Partik-Pable: "Spring" zeigte organisatorische Grenze der Gerichtsbarkeit

Änderung der Gerichtsorganisation soll Möglichkeit schaffen, daß mehrere Richter an einem umfangreichen Akt gemeinsam arbeiten

Wien, 1999-09-03 (fpd) - "Die Polizeiaktion Spring", bei der mehr als 100 mutmaßliche Drogendealer festgenommen und dem Landesgericht für Strafsachen eingeliefert wurden, hat die organisatorischen Grenzen der Gerichtsbarkeit ganz klar aufgezeigt", meinte heute die freiheitliche Sicherheitssprecherin Abg. Dr. Helene Partik-Pable.****

Es erhebe sich die Frage nach der Ernsthaftigkeit der Sicherheitspolitik dieser Bundesregierung, die einen Justizminister zulasse, der nicht einmal dafür sorge, daß Großverfahren auch wirklich durchgeführt werden können, so Partik-Pable.
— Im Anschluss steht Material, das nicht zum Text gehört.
Lemma simplification_cover X S e : simplification_set (contract M X) S -> e \in G ->
  [\/ e \in cl M X, e \in S |
      exists2 f, f \in S & e \in cl M (f |: X) /\ f \in cl M (e |: X)].
Proof.
case=> sS _ _ cover eG.
have [eX | eX] := boolP (e \in X).
  by apply: Or31; rewrite in_clE eG (setUidPr _) ?sub1set ?eqxx.
have [/loop_contractE [_ erk] | nl] := classic (loop (contract M X) e).
  by apply: Or31; rewrite in_clE eG erk eqxx.
have [||eS | [f fS /parallel_contractE [_ fG _ [erk frk efrk]]]] := cover e; rewrite /= ?inE ?eX //.
- by apply: Or32.
apply: Or33; exists f => //; split; rewrite in_clE ?eG; last first.
  by rewrite (subsetP (subsetDl G X)) //= setUCA efrk erk.
by rewrite efrk frk eqxx.
Qed.

End Contraction.

Section Simplification.
Variables (E : finType) (M : matroid E).
Hypothesis hM : is_matroid M.
Local Notation r := (rk M).
Local Notation G := (ground M).
Variables X S : {set E}.
Hypothesis sXG : X \subset G.
Hypothesis hS : simplification_set (contract M X) S.
Implicit Types (F Z : {set E}).

Let sS : S \subset G :\: X. Proof. by case: hS. Qed.

Let sSG : S \subset G. Proof. exact: subset_trans sS (subsetDl _ _). Qed.

Lemma simplification_span_flat F : flat M F -> X \subset F ->
  F \subset cl M ((S :&: F) :|: X).
Proof.
move=> fF sXF; have sFG := flat_ground fF.
have sSFX : (S :&: F) :|: X \subset G by rewrite subUset sXG (subset_trans (subsetIl _ _)).
apply/subsetP => e eF; have eG := subsetP sFG e eF.
case: (simplification_cover hM hS eG) => [eX | eS | [f fS [efX feX]]].
- by apply: (subsetP (cl_mono hM (subsetUr _ _))).
- by apply: (subsetP (subset_cl sSFX)); rewrite !inE eS eF.
have fF' : f \in F.
  have seXF : e |: X \subset F by rewrite subUset sub1set eF sXF.
  exact: (subsetP (cl_subset_flat hM fF seXF) f feX).
by apply: (subsetP (cl_mono hM _)) efX; apply: setSU; rewrite sub1set inE fS fF'.
Qed.

Lemma simplification_span_coflat F : flat M F -> X \subset F ->
  G :\: F \subset cl M ((S :\: F) :|: X).
Proof.
move=> fF sXF.
have sSFX : (S :\: F) :|: X \subset G by rewrite subUset sXG (subset_trans (subsetDl _ _)).
apply/subsetP => e /setDP [eG eF].
case: (simplification_cover hM hS eG) => [eX | eS | [f fS [efX feX]]].
- by move: eF; rewrite (subsetP (cl_subset_flat hM fF sXF)).
- by apply: (subsetP (subset_cl sSFX)); rewrite !inE eS eF.
have fnF : f \notin F.
  apply: contra eF => fF'.
  have sfXF : f |: X \subset F by rewrite subUset sub1set fF' sXF.
  exact: (subsetP (cl_subset_flat hM fF sfXF) e efX).
by apply: (subsetP (cl_mono hM _)) efX; apply: setSU; rewrite sub1set inE fS fnF.
Qed.

Lemma rk_simplification : r (S :|: X) = r G.
Proof.
apply/eqP; rewrite eqn_leq rk_mono ?subUset ?sSG ?sXG //=.
have := simplification_span_flat (flatT M) sXG; rewrite (setIidPl sSG) => /(rk_setU_cl hM) <-.
by apply: rk_mono; apply: subsetUr.
Qed.

Lemma simplification_rk_lower Z : Z \subset S -> r X + minn #|Z| 2 <= r (Z :|: X).
Proof.
case: hS => _ nlS npS _ sZ.
have rk1 e : e \in S -> r (e |: X) = (r X).+1.
  by move=> eS; apply: nonloop_contract (subsetP sS e eS) (nlS e eS).
have [Z2 | ] := leqP 2 #|Z|.
  have [e [f [eZ fZ nef]]] := card_gt1P Z2.
  have eS := subsetP sZ e eZ; have fS := subsetP sZ f fZ.
  have ef_le : r (e |: (f |: X)) <= r (Z :|: X).
    by apply: rk_mono; rewrite setUA; apply: setSU; rewrite subUset !sub1set eZ fZ.
  have ef_ne : r (e |: (f |: X)) != (r X).+1.
    apply/eqP => efrk; apply: (npS e f eS fS); apply/parallel_contractE => //.
    by split; rewrite ?(subsetP sS) ?rk1.
  have := rk_le_setU1 M (f |: X) e; rewrite rk1 //; lia.
case: (set_0Vmem Z) => [-> _ | [e eZ] Z2]; first by rewrite cards0 set0U addn0.
have -> : Z = [set e] by apply/eqP; rewrite eq_sym eqEcard sub1set eZ cards1.
by rewrite cards1 addn1 rk1 // (subsetP sZ).
Qed.

Lemma si_three_connected_flat F k : three_connected (si (contract M X) S) ->
  flat M F -> X \subset F -> k < 3 ->
  r F + r ((G :\: F) :|: X) < r G + r X + k ->
  r F < r X + k \/ r ((G :\: F) :|: X) < r X + k.
Proof.
move=> h3 fF sXF k3 lt.
set A := S :&: F.
have rkQ Z : Z \subset S -> rk (si (contract M X) S) Z + r X = r (Z :|: X).
  by move=> sZ; apply: (rk_si_contract hM sS sZ).
have SA : S :\: A = S :\: F by apply/setP => e; rewrite !inE; case: (e \in S); rewrite ?andbF.
have rF : r F = r (A :|: X).
  apply/eqP; rewrite eqn_leq [r (A :|: X) <= _]rk_mono ?subUset ?subsetIr ?sXF // andbT.
  rewrite -(rk_setU_cl hM (simplification_span_flat fF sXF)); exact: rk_mono (subsetUr _ _).
have rcoF : r ((G :\: F) :|: X) = r ((S :\: A) :|: X).
  apply/eqP; rewrite eqn_leq; apply/andP; split.
    rewrite SA -(rk_setU_cl hM (simplification_span_coflat fF sXF)); apply: rk_mono.
    by rewrite subUset subsetUr (subset_trans (subsetUr _ _) (subsetUl _ _)).
  by apply: rk_mono; apply: setSU; rewrite SA; apply: setSD.
have rS : rk (si (contract M X) S) S + r X = r G by rewrite rkQ // rk_simplification.
have := h3 k A k3; rewrite /k_separation /rank /= subsetIl.
have [kA _ | kA] := ltnP #|A| k.
  by left; rewrite rF; have := rk_setU_card hM A X; lia.
have [kB _ | kB nsep] := ltnP #|S :\: A| k.
  by right; rewrite rcoF; have := rk_setU_card hM (S :\: A) X; lia.
exfalso; apply: nsep; split=> //.
have := rkQ A (subsetIl _ _); have := rkQ (S :\: A) (subsetDl _ _); lia.
Qed.

End Simplification.

Lemma parallel_sym (E : finType) (Q : matroid E) e f : parallel Q e f -> parallel Q f e.
Proof. by case=> eG fG nef [ie i_f ief]; split; rewrite 1?eq_sym // setUC. Qed.

Lemma simplification_set_extend (E : finType) (Q : matroid E) (O : {set E}) :
  O \subset ground Q -> (forall e, e \in O -> ~ loop Q e) ->
  (forall e f, e \in O -> f \in O -> ~ parallel Q e f) ->
  exists2 S : {set E}, O \subset S & simplification_set Q S.
Proof.
move=> sOG nlO npO.
pose covers (S : {set E}) := forall e, e \in ground Q -> ~ loop Q e ->
  e \in S \/ exists2 f, f \in S & parallel Q e f.
have uncovered S : ~ covers S ->
    exists e, [/\ e \in ground Q :\: S, ~ loop Q e & forall f, f \in S -> ~ parallel Q e f].
  move=> ncover; apply: NNPP => none; apply: ncover => e eG nl.
  have [eS | eS] := boolP (e \in S); [by left | right].
  apply: NNPP => nop; apply: none; exists e; split=> [|//|f fS pef]; first by rewrite inE eS.
  by apply: nop; exists f.
suff grow n S : #|ground Q :\: S| <= n -> O \subset S -> S \subset ground Q ->
    (forall e, e \in S -> ~ loop Q e) -> (forall e f, e \in S -> f \in S -> ~ parallel Q e f) ->
    exists2 T : {set E}, O \subset T & simplification_set Q T.
  exact: (grow _ O (leqnn _) (subxx O)).
elim: n S => [|n IH] S cS sOS sSG nlS npS;
  (have [cover | /uncovered [e [eGS nl npe]]] := classic (covers S); first by exists S).
  by move: cS; rewrite leqn0 cards_eq0 => /eqP SG; rewrite SG inE in eGS.
have /setDP [eG eS] := eGS.
apply: (IH (e |: S)); rewrite ?subUset ?sub1set ?eG ?sSG ?(subset_trans sOS (subsetUr _ _)) //.
- have -> : ground Q :\: (e |: S) = (ground Q :\: S) :\ e by rewrite setDDl setUC.
  by move: cS; rewrite (cardsD1 e) !inE eS eG add1n ltnS.
- by move=> f; rewrite in_setU1 => /orP [/eqP -> | /nlS].
move=> f g; rewrite !in_setU1 => /orP [/eqP -> | fS] /orP [/eqP -> | gS].
- by case=> _ _; rewrite eqxx.
- exact: npe.
- by move/parallel_sym; apply: npe.
- exact: npS.
Qed.

Lemma indep_delete (E : finType) (Q : matroid E) (D I : {set E}) :
  indep (delete Q D) I = (I \subset ground Q :\: D) && indep Q I.
Proof. by []. Qed.

Lemma iso_matroid_congr (E E' : finType) (Q Q' : matroid E) (N : matroid E') :
  ground Q = ground Q' -> (forall I : {set E}, I \subset ground Q -> indep Q I = indep Q' I) ->
  iso_matroid Q N -> iso_matroid Q' N.
Proof.
by move=> eG eI [f [finj fG fI]]; exists f; split; rewrite -?eG // => I sI; rewrite -eI ?fI.
Qed.

Section ContractElement.
Variables (E : finType) (M : matroid E).
Hypothesis hM : is_matroid M.
Local Notation r := (rk M).
Local Notation G := (ground M).
Variables (X : {set E}) (x : E).
Hypotheses (xGX : x \in G :\: X) (x_nonloop : r (x |: X) = (r X).+1).
Implicit Types (S : {set E}).

Lemma simplification_set_contract_setU1 S2 :
  simplification_set (contract M (x |: X)) S2 ->
  exists2 S1 : {set E}, x |: S2 \subset S1 & simplification_set (contract M X) S1.
Proof.
case=> sS2 nlS2 npS2 _.
have sS2X : G :\: (x |: X) \subset G :\: X by apply: setDS; apply: subsetUr.
have rk1 f : f \in S2 -> r (f |: (x |: X)) = (r (x |: X)).+1.
  by move=> fS; apply: nonloop_contract (subsetP sS2 f fS) (nlS2 f fS).
have npx f : f \in S2 -> ~ parallel (contract M X) x f.
  move=> fS /(parallel_contractE hM) [_ _ _ [xrk _ xfrk]].
  by have := rk1 f fS; rewrite setUCA xfrk xrk; lia.
apply: simplification_set_extend.
- by rewrite subUset sub1set xGX (subset_trans sS2 sS2X).
- move=> e; rewrite in_setU1 => /orP [/eqP -> | eS] /(loop_contractE hM) [_ erk].
    by move: x_nonloop; rewrite erk; lia.
  have := rk1 e eS; rewrite (rk_setU1_mono hM (subsetUr [set x] X) erk); lia.
move=> e f; rewrite !in_setU1 => /orP [/eqP -> | eS] /orP [/eqP -> | fS].
- by case=> _ _; rewrite eqxx.
- exact: npx.
- by move/parallel_sym; apply: npx.
move=> /(parallel_contractE hM) [_ _ nef [_ frk efrk]]; apply: (npS2 e f eS fS).
have efx : r (e |: (f |: (x |: X))) = r (f |: (x |: X)).
  apply: (rk_setU1_mono hM (setUS [set f] (subsetUr [set x] X))); lia.
by apply/(parallel_contractE hM); split; rewrite ?(subsetP sS2) ?efx ?rk1.
Qed.

Lemma indep_contract_si_setU1 S1 S2 (C I : {set E}) :
  S1 \subset G :\: X -> x |: S2 \subset S1 -> S2 \subset G :\: (x |: X) ->
  C \subset S2 -> I \subset S2 :\: C ->
  indep (contract (si (contract M X) S1) (x |: C)) I =
  indep (contract (si (contract M (x |: X)) S2) C) I.
Proof.
move=> sS1 sxS21 sS2 sC sIC.
have xS1 : x \in S1 by rewrite (subsetP sxS21) ?setU11.
have sS21 : S2 \subset S1 by apply: subset_trans sxS21; apply: subsetUr.
have xS2 : x \notin S2 by apply/negP => /(subsetP sS2); rewrite !inE eqxx.
have sI1 : I \subset S1 :\: (x |: C).
  apply/subsetP => y yI; have /setDP [yS2 yC] := subsetP sIC y yI.
  rewrite !inE (subsetP sS21 y yS2) (negbTE yC) orbF andbT.
  by apply: contraNneq xS2 => <-.
have sxC : x |: C \subset S1 by rewrite subUset sub1set xS1 (subset_trans sC).
have sIC2 : I :|: C \subset S2 by rewrite subUset sC (subset_trans sIC (subsetDl _ _)).
have sIxC1 : I :|: (x |: C) \subset S1 by rewrite subUset sxC (subset_trans sI1 (subsetDl _ _)).
have eIC : I :|: (x |: C) :|: X = I :|: C :|: (x |: X) by rewrite setUCA -setUA setUCA.
have eC : x |: C :|: X = C :|: (x |: X) by rewrite -setUA setUCA.
rewrite /= sIC sI1 /=.
have := rk_si_contract hM sS2 sIC2; have := rk_si_contract hM sS2 sC.
have := rk_si_contract hM sS1 sIxC1; have := rk_si_contract hM sS1 sxC.
rewrite eIC eC => rC1 rIC1 rC2 rIC2.
have -> : rk (si (contract M X) S1) (I :|: (x |: C)) =
          (rk (si (contract M (x |: X)) S2) (I :|: C)).+1.
  by move: rIC1 rIC2 x_nonloop; clear; lia.
have -> : rk (si (contract M X) S1) (x |: C) = (rk (si (contract M (x |: X)) S2) C).+1.
  by move: rC1 rC2 x_nonloop; clear; lia.
by rewrite addnS eqSS.
Qed.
"Was denken sich der Justizminister und seine Beamten, wenn die Exekutive aufgrund einer groß angelegten Aktion über 100 Drogendealer in ein Gericht einliefert, im Wissen, daß die Gerichtsorganisation vorsieht, daß nur ein Richter diese Personen zu beamtshandeln hat", fragte sich Partik-Pable. "Wahrscheinlich neigen sie dazu, die möglichst baldige Wiederfreilassung dieser Drogendealer zu wünschen, denn die ständigen Versuche, den Drogenkonsum zu liberalisieren, sind ja bekannt."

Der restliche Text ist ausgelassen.